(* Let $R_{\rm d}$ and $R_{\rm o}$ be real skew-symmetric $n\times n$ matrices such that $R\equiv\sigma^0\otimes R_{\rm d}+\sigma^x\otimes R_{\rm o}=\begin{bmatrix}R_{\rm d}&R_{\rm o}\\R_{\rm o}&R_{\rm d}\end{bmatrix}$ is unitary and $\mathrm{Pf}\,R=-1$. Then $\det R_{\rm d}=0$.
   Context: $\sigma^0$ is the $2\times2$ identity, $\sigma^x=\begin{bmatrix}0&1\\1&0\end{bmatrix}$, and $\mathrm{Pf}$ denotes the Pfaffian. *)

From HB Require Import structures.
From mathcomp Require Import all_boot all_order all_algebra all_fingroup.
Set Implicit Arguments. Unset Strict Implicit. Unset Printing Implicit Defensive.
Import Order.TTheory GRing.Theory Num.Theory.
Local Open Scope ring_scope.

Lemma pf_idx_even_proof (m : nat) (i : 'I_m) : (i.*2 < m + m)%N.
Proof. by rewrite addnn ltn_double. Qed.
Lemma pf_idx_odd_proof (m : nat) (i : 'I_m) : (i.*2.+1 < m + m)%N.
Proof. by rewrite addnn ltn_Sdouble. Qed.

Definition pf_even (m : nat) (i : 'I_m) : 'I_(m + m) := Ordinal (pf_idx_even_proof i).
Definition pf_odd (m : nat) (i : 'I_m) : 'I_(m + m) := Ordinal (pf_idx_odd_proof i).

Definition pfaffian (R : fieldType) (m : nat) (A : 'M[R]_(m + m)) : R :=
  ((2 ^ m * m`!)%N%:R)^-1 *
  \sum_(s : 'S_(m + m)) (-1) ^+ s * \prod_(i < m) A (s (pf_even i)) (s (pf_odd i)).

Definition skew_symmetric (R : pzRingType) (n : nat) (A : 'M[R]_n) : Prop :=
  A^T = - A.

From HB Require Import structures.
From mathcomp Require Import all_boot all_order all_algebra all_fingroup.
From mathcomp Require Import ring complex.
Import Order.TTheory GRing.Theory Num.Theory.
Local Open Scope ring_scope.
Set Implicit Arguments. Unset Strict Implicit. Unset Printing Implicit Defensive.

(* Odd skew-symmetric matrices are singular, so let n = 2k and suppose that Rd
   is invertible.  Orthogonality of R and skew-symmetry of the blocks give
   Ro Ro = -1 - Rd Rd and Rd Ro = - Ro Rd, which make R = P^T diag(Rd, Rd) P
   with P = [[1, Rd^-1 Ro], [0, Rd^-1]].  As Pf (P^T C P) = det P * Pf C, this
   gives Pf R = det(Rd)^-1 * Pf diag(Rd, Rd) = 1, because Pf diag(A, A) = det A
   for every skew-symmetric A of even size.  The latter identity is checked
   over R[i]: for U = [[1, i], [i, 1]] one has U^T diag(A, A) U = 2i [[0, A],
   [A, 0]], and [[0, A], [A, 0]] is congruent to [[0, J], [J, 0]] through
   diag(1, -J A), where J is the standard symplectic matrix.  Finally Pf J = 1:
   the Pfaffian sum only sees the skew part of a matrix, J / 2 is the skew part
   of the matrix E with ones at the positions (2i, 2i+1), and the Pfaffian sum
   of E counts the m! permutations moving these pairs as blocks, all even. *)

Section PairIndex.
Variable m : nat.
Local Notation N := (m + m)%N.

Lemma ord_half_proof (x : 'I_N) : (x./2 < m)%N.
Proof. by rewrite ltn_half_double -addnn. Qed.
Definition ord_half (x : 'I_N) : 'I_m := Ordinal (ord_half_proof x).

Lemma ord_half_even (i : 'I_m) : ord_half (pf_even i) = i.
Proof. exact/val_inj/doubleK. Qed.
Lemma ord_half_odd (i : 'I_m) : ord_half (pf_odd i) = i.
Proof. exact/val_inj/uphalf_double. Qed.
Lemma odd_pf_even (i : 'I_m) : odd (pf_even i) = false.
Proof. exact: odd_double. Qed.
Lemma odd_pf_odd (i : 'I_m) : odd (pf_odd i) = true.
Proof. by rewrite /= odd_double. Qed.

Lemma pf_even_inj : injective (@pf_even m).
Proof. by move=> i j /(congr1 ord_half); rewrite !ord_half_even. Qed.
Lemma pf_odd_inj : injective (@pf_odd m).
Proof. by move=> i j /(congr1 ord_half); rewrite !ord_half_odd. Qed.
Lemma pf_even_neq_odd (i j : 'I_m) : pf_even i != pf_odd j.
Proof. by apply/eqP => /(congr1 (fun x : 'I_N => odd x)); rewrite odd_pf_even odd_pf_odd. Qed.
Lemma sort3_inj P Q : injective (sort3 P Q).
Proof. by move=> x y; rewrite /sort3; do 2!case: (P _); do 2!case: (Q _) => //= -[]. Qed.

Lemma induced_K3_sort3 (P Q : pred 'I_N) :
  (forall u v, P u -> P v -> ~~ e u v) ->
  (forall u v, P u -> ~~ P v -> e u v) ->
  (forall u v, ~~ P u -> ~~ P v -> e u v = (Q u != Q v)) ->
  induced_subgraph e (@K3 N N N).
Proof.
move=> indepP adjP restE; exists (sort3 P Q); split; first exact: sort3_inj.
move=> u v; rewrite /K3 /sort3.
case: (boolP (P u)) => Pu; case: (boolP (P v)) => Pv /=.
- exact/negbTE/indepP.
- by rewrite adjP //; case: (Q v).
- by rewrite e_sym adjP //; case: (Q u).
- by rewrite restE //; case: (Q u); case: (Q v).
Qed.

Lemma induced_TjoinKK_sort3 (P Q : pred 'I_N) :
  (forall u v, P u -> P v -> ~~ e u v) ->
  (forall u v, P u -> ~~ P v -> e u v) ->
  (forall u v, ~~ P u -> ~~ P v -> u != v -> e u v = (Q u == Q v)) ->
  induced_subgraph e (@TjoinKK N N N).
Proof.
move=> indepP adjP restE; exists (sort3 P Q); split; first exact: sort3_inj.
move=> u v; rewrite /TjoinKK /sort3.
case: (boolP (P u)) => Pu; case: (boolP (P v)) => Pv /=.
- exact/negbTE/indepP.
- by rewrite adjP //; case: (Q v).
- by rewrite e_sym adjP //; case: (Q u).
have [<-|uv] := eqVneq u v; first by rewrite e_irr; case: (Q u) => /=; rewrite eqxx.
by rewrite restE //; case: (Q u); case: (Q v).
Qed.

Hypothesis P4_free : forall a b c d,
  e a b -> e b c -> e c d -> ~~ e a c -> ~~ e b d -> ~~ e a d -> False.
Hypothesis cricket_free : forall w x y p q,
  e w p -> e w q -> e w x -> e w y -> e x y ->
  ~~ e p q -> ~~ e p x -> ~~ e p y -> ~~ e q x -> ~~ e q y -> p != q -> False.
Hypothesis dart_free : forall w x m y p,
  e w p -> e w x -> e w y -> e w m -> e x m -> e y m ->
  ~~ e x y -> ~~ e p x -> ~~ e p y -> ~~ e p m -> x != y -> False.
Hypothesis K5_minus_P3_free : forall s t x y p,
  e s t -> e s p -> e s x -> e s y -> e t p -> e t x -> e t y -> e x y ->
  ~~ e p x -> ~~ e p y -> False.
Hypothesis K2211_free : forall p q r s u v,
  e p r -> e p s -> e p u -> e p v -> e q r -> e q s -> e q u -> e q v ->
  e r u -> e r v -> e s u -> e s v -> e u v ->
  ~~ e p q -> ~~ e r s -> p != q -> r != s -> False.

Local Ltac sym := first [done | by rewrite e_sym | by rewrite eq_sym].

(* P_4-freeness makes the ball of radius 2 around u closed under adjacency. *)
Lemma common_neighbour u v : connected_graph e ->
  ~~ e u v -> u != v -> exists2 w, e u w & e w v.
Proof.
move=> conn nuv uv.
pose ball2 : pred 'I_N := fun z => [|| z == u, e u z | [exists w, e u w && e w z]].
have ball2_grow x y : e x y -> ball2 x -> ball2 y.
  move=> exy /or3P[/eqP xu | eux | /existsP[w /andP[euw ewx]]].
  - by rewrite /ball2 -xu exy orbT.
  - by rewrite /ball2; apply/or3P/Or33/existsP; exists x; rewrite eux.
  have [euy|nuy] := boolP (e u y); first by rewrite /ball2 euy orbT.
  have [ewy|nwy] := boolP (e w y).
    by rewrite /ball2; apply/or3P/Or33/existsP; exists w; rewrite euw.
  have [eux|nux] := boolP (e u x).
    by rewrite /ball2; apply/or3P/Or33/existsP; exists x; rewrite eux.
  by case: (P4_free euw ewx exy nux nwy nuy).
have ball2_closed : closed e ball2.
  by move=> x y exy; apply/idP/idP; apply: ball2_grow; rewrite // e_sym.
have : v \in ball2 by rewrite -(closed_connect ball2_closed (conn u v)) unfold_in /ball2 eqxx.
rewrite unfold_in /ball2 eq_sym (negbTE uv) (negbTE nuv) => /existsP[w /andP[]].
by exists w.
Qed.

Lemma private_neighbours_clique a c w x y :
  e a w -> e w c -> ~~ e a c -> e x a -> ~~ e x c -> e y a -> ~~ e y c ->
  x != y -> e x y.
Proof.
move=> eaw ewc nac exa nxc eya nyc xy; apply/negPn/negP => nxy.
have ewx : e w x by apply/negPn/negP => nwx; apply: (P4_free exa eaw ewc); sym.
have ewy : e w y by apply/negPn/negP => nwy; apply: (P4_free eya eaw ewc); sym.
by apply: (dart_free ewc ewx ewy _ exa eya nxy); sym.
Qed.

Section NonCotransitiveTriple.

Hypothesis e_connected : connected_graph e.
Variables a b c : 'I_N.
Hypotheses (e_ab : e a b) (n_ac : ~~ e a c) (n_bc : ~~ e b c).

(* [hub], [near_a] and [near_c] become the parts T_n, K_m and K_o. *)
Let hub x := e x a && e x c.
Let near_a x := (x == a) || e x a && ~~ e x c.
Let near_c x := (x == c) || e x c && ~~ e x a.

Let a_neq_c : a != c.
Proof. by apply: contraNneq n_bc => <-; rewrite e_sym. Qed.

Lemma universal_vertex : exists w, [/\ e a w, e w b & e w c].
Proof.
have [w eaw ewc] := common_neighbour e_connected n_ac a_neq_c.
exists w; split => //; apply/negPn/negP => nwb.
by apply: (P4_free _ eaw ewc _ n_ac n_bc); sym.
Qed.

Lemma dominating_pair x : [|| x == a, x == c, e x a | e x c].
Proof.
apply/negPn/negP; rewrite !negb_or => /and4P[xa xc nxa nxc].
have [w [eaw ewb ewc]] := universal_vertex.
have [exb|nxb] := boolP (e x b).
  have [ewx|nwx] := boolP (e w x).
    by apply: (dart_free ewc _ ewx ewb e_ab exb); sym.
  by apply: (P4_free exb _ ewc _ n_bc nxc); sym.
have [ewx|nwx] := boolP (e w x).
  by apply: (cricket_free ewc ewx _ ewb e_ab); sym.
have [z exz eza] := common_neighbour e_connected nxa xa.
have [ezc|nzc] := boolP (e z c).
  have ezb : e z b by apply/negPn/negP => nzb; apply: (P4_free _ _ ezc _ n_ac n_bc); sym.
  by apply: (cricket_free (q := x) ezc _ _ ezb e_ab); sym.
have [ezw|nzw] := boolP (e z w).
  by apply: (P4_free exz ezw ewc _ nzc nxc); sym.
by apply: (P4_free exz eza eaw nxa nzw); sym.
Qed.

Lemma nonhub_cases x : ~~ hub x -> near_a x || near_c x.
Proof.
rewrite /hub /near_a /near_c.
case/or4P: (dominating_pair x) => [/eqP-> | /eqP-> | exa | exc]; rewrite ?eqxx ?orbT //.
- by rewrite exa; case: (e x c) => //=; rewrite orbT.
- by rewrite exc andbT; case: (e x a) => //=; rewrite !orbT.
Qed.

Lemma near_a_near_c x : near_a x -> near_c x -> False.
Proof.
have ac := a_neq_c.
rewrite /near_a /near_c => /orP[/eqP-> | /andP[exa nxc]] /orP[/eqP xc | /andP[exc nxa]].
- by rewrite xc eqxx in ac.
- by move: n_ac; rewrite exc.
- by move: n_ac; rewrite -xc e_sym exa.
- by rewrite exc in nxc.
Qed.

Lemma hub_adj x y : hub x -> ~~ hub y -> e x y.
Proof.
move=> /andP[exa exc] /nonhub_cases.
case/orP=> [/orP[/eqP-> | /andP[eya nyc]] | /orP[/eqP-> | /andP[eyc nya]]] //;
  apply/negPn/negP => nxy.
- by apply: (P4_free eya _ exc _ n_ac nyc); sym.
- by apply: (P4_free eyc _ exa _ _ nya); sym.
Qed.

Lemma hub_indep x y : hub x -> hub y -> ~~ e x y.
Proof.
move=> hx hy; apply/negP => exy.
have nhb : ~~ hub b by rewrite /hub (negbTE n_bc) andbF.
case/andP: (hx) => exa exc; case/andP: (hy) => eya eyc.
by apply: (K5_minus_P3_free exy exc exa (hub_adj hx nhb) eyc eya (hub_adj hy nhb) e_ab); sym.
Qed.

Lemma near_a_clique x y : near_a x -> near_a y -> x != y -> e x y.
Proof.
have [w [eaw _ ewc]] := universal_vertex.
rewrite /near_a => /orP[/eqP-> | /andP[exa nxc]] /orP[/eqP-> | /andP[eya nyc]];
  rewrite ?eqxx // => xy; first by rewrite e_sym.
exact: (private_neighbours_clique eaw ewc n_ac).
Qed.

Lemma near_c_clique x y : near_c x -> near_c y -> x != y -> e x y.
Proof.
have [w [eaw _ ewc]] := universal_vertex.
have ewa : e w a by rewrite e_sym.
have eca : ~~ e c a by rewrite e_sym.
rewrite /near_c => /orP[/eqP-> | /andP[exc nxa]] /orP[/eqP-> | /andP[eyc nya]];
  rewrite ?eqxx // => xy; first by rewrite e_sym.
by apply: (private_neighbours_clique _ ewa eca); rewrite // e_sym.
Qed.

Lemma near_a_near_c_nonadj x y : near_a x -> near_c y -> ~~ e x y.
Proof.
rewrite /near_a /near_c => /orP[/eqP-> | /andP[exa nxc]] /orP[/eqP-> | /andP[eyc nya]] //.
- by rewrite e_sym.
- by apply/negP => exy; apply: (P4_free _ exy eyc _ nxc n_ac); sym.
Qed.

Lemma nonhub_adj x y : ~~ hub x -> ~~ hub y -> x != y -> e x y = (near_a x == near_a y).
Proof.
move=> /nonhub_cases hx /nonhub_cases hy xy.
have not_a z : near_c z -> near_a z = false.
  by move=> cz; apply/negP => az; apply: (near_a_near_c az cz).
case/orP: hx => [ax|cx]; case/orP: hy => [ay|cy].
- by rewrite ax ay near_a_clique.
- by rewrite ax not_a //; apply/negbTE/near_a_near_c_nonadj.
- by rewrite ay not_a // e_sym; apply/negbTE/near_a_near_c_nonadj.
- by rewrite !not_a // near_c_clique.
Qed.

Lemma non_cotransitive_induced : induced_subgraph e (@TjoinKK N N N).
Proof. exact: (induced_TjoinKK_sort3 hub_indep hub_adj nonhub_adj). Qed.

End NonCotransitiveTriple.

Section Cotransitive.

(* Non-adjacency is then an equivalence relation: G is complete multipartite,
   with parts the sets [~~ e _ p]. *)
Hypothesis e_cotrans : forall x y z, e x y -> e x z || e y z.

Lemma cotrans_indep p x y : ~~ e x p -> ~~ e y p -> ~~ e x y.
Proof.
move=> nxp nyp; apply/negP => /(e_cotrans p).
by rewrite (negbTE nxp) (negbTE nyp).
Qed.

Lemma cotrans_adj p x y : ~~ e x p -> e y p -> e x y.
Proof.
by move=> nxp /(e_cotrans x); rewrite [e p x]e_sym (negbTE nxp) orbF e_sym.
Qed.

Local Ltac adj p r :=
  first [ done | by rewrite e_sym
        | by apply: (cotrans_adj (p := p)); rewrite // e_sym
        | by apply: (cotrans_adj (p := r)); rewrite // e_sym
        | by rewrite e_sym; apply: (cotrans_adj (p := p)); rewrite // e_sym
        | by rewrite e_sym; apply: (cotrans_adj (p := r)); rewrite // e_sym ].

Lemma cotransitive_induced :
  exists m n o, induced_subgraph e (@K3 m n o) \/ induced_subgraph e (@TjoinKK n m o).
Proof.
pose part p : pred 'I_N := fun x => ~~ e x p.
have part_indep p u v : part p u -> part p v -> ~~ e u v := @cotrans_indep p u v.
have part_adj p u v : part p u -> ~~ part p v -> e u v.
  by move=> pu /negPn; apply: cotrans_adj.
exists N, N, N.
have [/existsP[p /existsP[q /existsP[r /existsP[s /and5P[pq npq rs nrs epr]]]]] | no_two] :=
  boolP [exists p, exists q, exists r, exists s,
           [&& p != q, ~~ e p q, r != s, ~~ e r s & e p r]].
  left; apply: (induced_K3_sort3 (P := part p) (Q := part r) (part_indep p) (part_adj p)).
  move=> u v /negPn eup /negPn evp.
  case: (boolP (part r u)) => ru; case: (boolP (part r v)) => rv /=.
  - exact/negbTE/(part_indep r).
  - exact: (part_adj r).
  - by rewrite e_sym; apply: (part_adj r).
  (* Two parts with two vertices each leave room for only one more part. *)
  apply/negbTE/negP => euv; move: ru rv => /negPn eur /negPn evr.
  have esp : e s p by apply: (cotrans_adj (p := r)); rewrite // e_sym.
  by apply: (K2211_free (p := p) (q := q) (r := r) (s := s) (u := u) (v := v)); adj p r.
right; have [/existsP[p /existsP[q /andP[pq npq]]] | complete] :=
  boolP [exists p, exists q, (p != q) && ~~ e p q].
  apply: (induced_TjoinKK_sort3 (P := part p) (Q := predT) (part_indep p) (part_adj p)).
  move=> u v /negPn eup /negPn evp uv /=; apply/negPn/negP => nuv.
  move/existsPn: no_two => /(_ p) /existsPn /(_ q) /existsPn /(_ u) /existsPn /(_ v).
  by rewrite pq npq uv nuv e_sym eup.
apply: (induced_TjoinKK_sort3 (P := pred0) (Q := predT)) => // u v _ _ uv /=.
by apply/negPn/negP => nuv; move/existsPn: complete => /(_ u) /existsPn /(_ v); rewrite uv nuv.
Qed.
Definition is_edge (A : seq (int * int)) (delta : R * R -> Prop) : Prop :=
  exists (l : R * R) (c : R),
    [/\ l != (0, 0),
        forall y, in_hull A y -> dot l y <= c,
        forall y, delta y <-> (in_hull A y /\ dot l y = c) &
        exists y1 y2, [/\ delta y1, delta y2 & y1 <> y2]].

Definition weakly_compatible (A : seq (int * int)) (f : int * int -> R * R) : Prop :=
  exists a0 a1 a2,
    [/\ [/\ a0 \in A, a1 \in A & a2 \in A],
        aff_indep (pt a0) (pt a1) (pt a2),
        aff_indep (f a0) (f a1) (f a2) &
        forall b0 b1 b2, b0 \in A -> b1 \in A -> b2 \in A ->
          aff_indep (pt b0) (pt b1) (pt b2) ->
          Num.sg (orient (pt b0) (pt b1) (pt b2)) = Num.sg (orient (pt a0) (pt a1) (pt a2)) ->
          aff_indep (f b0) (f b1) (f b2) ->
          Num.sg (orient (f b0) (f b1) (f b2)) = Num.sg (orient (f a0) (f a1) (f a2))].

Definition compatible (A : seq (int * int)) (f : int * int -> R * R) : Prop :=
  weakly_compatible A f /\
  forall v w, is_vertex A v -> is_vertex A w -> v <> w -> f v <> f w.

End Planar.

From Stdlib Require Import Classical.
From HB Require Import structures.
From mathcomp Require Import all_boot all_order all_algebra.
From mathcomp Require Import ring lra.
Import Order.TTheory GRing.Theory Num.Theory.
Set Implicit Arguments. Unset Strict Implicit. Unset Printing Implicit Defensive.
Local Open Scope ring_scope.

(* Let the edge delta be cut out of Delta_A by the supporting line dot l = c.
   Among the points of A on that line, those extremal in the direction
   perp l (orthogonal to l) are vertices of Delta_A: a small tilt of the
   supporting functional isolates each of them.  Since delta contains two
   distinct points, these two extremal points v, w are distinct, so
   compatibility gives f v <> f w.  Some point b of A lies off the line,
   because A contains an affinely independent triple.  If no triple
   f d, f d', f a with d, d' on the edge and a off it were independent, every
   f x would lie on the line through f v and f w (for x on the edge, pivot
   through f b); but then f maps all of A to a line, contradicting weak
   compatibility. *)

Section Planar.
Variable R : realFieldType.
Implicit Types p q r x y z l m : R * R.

• About this exercise
Only the lines above from the line with "- by rewrite exc andbT;" to the line with "move=> /andP[exa exc] /nonhub_cases.", those two lines included, should be reproduced exactly.

• The completed task
- by rewrite exc andbT; case: (e x a) => //=; rewrite !orbT.
Qed.

Lemma near_a_near_c x : near_a x -> near_c x -> False.
Proof.
have ac := a_neq_c.
rewrite /near_a /near_c => /orP[/eqP-> | /andP[exa nxc]] /orP[/eqP xc | /andP[exc nxa]].
- by rewrite xc eqxx in ac.
- by move: n_ac; rewrite exc.
- by move: n_ac; rewrite -xc e_sym exa.
- by rewrite exc in nxc.
Qed.

Lemma hub_adj x y : hub x -> ~~ hub y -> e x y.
Proof.
move=> /andP[exa exc] /nonhub_cases.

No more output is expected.